Diabetic foot ulcers: Why they’re dangerous and how to prevent them
What’s the number one reason people with diabetes are hospitalized? Diabetic foot ulcers: Chronic open wounds on the bottom of the feet.
They’re a common occurrence for people with type 2 diabetes. They’re difficult to treat and can become on ongoing, expensive, debilitating problem—but they don’t have to, with the right prevention and care.
Andrew Bruyn, DPM, a podiatrist on the medical staff at Baylor Scott & White Medical Center – Buda, discusses diabetic foot ulcers, how to treat them and how to avoid them.
What is a diabetic foot ulcer?
“An ulcer is a chronic wound,” Dr. Bruyn said. “If you wore a new pair of pumps and went out dancing and got a blister on your heel, that’s not an ulcer. An ulcer is a chronic wound that stays open.”
The goal of treatment is closing your wound as quickly as possible, since prolonged healing time increases your risk of infection, hospitalization, amputation and death.

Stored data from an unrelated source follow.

Lemma le_Rintegral_prod (A : set T2) (h g : T1 * T2 -> R) (c M : R) :
  measurable A -> P2 A = 1 -> measurable_fun setT h -> (0 <= c)%R ->
  (forall u, 0 <= h u <= M)%R -> (forall u, 0 <= g u <= M)%R ->
  (forall u, A u.2 -> c * h u <= g u)%R ->
  (c * \int[P1 \x P2]_u h u <= \int[P1 \x P2]_u g u)%R.
Proof.
move=> mA PA1 mh c0 h_in g_in hg.
have mcA : measurable (~` A) := measurableC mA.
pose N := [set: T1] `*` ~` A.
have mN : measurable N by exact: measurableX.
have N0 : (P1 \x P2) N = 0.
  have cA0 : (P2 : {measure set T2 -> \bar R}) (~` A) = 0.
    by move: (probability_setC P2 mA); rewrite PA1 subee // => ->.
  by rewrite product_measure1E // cA0 mule0.
have h_fin := integral_prob_fin_num (P1 \x P2) h M h_in.
have g_fin := integral_prob_fin_num (P1 \x P2) g M g_in.
have h0 u : 0 <= (h u)%:E by rewrite lee_fin; case/andP: (h_in u).
have mch : measurable_fun setT (fun u => c%:E * (h u)%:E).
  by apply/measurable_EFinP; apply: measurable_funM.
have le_int : \int[P1 \x P2]_u (c%:E * (h u)%:E) <= \int[P1 \x P2]_u (g u)%:E.
  rewrite (ge0_negligible_integral _ _ _ _ N0) // => [|u _]; last by rewrite mule_ge0.
  rewrite integral_mkcond; apply: ge0_le_integralT => u.
    by rewrite patchE; case: ifP => // _; rewrite mule_ge0.
  rewrite patchE; case: ifPn => [/set_mem [_ uN]|_]; last first.
    by rewrite lee_fin; case/andP: (g_in u).
  by rewrite -EFinM lee_fin; apply: hg; apply: contrapT => uA; apply: uN.
rewrite /Rintegral -[c in (c * _)%R]/(fine c%:E) -fineM //.
apply: fine_le => //; first by rewrite fin_numM.
by rewrite -ge0_integralZl //; exact/measurable_EFinP.
Qed.

End product_probability.

Section law_fubini.
Context {R : realType} {d} {Omega : measurableType d}.
Variable G : probability R R.
Context {mu : probability Omega R} {F : probability R R}.
Context {X : Omega -> R} {M : R} {e : R -> R -> R}.
Hypotheses (mX : measurable_fun setT X)
  (FE : forall A, measurable A -> F A = mu (X @^-1` A))
  (X_in : forall w, 0 <= X w <= M)
  (me : measurable_fun setT (fun zy : R * R => e zy.1 zy.2))
  (e_in : forall z y, 0 <= e z y <= 1).

Let k (u : Omega * R) := X u.1 * e (X u.1) u.2.

Let mk : measurable_fun setT (EFin \o k).
Proof.
apply/measurable_EFinP; apply: measurable_funM; first exact: measurableT_comp.
exact: measurableT_comp me
  (measurable_fun_pair (measurableT_comp mX measurable_fst) measurable_snd).
Qed.

Let k_in u : 0 <= k u <= M.
Proof.
have /andP[X0 XM] := X_in u.1; have /andP[e0 e1] := e_in (X u.1) u.2.
by rewrite mulr_ge0 // (le_trans _ XM) // ler_piMr.
Qed.

Let k0 u : (0 <= (k u)%:E)%E.
Proof. by rewrite lee_fin; case/andP: (k_in u). Qed.

Lemma le_Rintegral_prod_law (A : set R) (g : Omega * R -> R) (c : R) :
  measurable A -> G A = 1%E -> 0 <= c -> (forall u, 0 <= g u <= M) ->
  (forall w y, A y -> c * (X w * e (X w) y) <= g (w, y)) ->
  c * \int[(mu \x G)%E]_u k u <= \int[(mu \x G)%E]_u g u.
Proof.
move=> mA GA1 c0 g_in kg; apply: (le_Rintegral_prod _ _ _ _ M mA GA1) => //.
- exact/measurable_EFinP.
- by move=> [w y]; exact: kg.
Qed.

Lemma Rintegral_law_inner c : 0 <= c ->
  \int[G]_y ((\int[F]_z (z * e z y)) / c) = (\int[(mu \x G)%E]_u k u) / c.
Proof.
move=> c0.
have inner y : \int[F]_z (z * e z y) = fine (\int[mu]_w (k (w, y))%:E).
  apply: (Rintegral_law _ _ _ _ M) => //.
    by apply: measurable_funM => //; exact: measurable_fun_pair1 _ _ me.
  by move=> w; have /andP[kw0 kwM] := k_in (w, y); rewrite ger0_norm.
under eq_Rintegral => y _ do rewrite inner.
rewrite Rintegral_fine_divr //.
- by rewrite /Rintegral (fubini_tonelli2 _ mk k0).
- exact: (@measurable_fun_fubini_tonelli_G _ _ _ _ _ mu _ mk k0).
- by move=> y; apply: integral_ge0.
- by move=> y; apply: (integral_prob_fin_num mu _ M) => w; exact: k_in.
Qed.

Lemma Rintegral_law_outer c : 0 <= c ->
  \int[F]_z (z * (\int[G]_y e z y) / c) = (\int[(mu \x G)%E]_u k u) / c.
Proof.
move=> c0; set Lam := fun z => \int[G]_y e z y.
have me_y z : measurable_fun setT (fun y => (e z y)%:E).
  by apply/measurable_EFinP; exact: measurable_fun_pair2 _ _ me.
have e0 zy : (0 <= (e zy.1 zy.2)%:E)%E by rewrite lee_fin; case/andP: (e_in zy.1 zy.2).
have Lam_fin z : (\int[G]_y (e z y)%:E)%E \is a fin_num.
  by apply: (integral_prob_fin_num G _ 1) => y; exact: e_in.
have Lam_in z : 0 <= Lam z <= 1.
  have /andP[I0 I1] := integral_prob_ge0_le G (fun y => (e z y)%:E) 1
    (fun y => e_in z y).
  by rewrite /Lam /Rintegral fine_ge0 //= -lee_fin fineK.
have mLam : measurable_fun setT Lam.
  apply: measurableT_comp (fine_measurable measurableT) _.
  exact: (@measurable_fun_fubini_tonelli_F _ _ _ _ _ G _
    ((measurable_EFinP _ _).2 me) e0).
rewrite (Rintegral_law mu X F _ (M / c)) //; last 2 first.
- by apply: measurable_funM => //; apply: measurable_funM.
- move=> w; have /andP[X0 XM] := X_in w; have /andP[L0 L1] := Lam_in (X w).
  rewrite ger0_norm ?mulr_ge0 ?invr_ge0 // ler_wpM2r ?invr_ge0 //.
  by rewrite (le_trans _ XM) // ler_piMr.
have outer w : X w * Lam (X w) = fine (\int[G]_y (k (w, y))%:E).
  have X0 : (0 <= (X w)%:E)%E by rewrite lee_fin; case/andP: (X_in w).
  transitivity (fine ((X w)%:E * \int[G]_y (e (X w) y)%:E)); first by rewrite fineM.
  by congr fine; rewrite -ge0_integralZl // => y _; exact: (e0 (X w, y)).
transitivity (\int[mu]_w (fine (\int[G]_y (k (w, y))%:E) / c)).
  by apply: eq_Rintegral => w _; rewrite -outer.
rewrite Rintegral_fine_divr //.
- by rewrite /Rintegral (fubini_tonelli1 _ mk k0).
- exact: (@measurable_fun_fubini_tonelli_F _ _ _ _ _ G _ mk k0).
- by move=> w; apply: integral_ge0.
- by move=> w; apply: (integral_prob_fin_num G _ M) => y; exact: k_in.
Qed.

End law_fubini.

What causes diabetic foot ulcers?
Corns and calluses
Typically, with diabetics, ulcerations develop in areas where calluses or corns form., including places of bony prominence where you’re bearing excess weight due to:
- Mechanical imbalance
- Loss of fat padding on your foot
- Areas where your shoe rubs your foot
“Diabetic patients often have neuropathy—loss of sensation in the foot,” Dr. Bruyn said. “With neuropathy, the callus becomes thick, the patient doesn’t feel it and it causes an underlying ulceration.”
Neuropathy is a potentially dangerous condition because the nerves in your feet that should send you pain signals aren’t functioning properly.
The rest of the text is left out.